For a couple of years now I have been only telling half the story, if I was telling it at all. When you are in a serious relationship with someone, once you're past the infatuation phase and you've admitted that you're committed, it kind of becomes everyone's business. My relationships are certainly the concern of my family and friends, something I hadn't anticipated when things with Brian started to go downhill. I had no trouble filling my homies in on all the sweet things Brian would do for me; how he drove 13 hours to visit me at school in my freshman year at Knox, how we liked the same bands and how endearingly terrified he was when he witnessed for the first time one of my legendary panic attacks. But I hadn't planned for how difficult it would be to be open with everyone once the big fights started coming more often, once he had become controlling and wildly temperamental. What would happen to my dignity when I exposed myself as the kind of girl who stays with a guy after he turns out to be a monster? (It took me the better part of a year to understand that being in love with someone enough to give them another chance, and then another, and then another, isn't weakness but actually strength, in its own way.) So I learned to avoid and omit. Thus went my sanity.

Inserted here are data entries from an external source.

(* [X,Y] = XY - (-1)^{|X||Y|} YX on homogeneous parts, extended bilinearly *)
Definition superbr (m n : nat) (X Y : 'M[A]_(m + n)) : 'M[A]_(m + n) :=
  \sum_(a : bool) \sum_(b : bool)
     (mx_part a X *m mx_part b Y
        - ((-1) ^+ (a && b)) *: (mx_part b Y *m mx_part a X)).

Definition Eunit (m n : nat) (i j : 'I_(m + n)) (a : A) : 'M[A]_(m + n) :=
  \matrix_(p, q) (if (p == i) && (q == j) then a else 0).

Definition is_tensor2 (T : lmodType K) (t : A -> A -> T) : Prop :=
  is_bilinear t /\
  forall (W : lmodType K) (h : A -> A -> W), is_bilinear h ->
    exists g : T -> W, [/\ klinear g, (forall a b, g (t a b) = h a b)
      & (forall g' : T -> W, klinear g' -> (forall a b, g' (t a b) = h a b) ->
           forall x, g' x = g x)].

Definition is_tensor3 (T : lmodType K) (t : A -> A -> A -> T) : Prop :=
  is_trilinear t /\
  forall (W : lmodType K) (h : A -> A -> A -> W), is_trilinear h ->
    exists g : T -> W, [/\ klinear g, (forall a b c, g (t a b c) = h a b c)
      & (forall g' : T -> W, klinear g' -> (forall a b c, g' (t a b c) = h a b c) ->
           forall x, g' x = g x)].

(* Ker d1 / Im d2 is isomorphic (as a K-space) to the subspace {z | P z} of V:
   there is a K-linear map from Ker d1 onto {z | P z} whose kernel is Im d2. *)
Definition quot_iso (T2 T3 V : lmodType K) (d1 : T2 -> A) (d2 : T3 -> T2)
    (P : V -> Prop) : Prop :=
  exists g : T2 -> V,
    [/\ (forall (k : K) x y, d1 x = 0 -> d1 y = 0 -> g (k *: x + y) = k *: g x + g y),
        (forall x, d1 x = 0 -> P (g x)),
        (forall z, P z -> exists x, d1 x = 0 /\ g x = z)
      & (forall x, d1 x = 0 -> (g x = 0 <-> exists y, x = d2 y))].

End Defs.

I'll begin at the beginning. I met Brian early in my senior year in high school. I was on top of the world back then. I was popular at school and in excellent health. I was among the last of my friends to get my license and also to lose my virginity- I think I had just recently gotten my license when I met Brian, but I was still waiting on the other one. I had had a couple of pretty superficial relationships that were nothing if not typical and I was making good headway on making the right amount of poor judgment calls to be considered cool by high school standards. I liked to party but I wasn't addicted to anything and I had strict standards about what I would and wouldn't introduce into my bloodstream.

That's all I have time for right now. I'm to try and include a few excerpts from journals and poetry that parallel what I'm talking about here.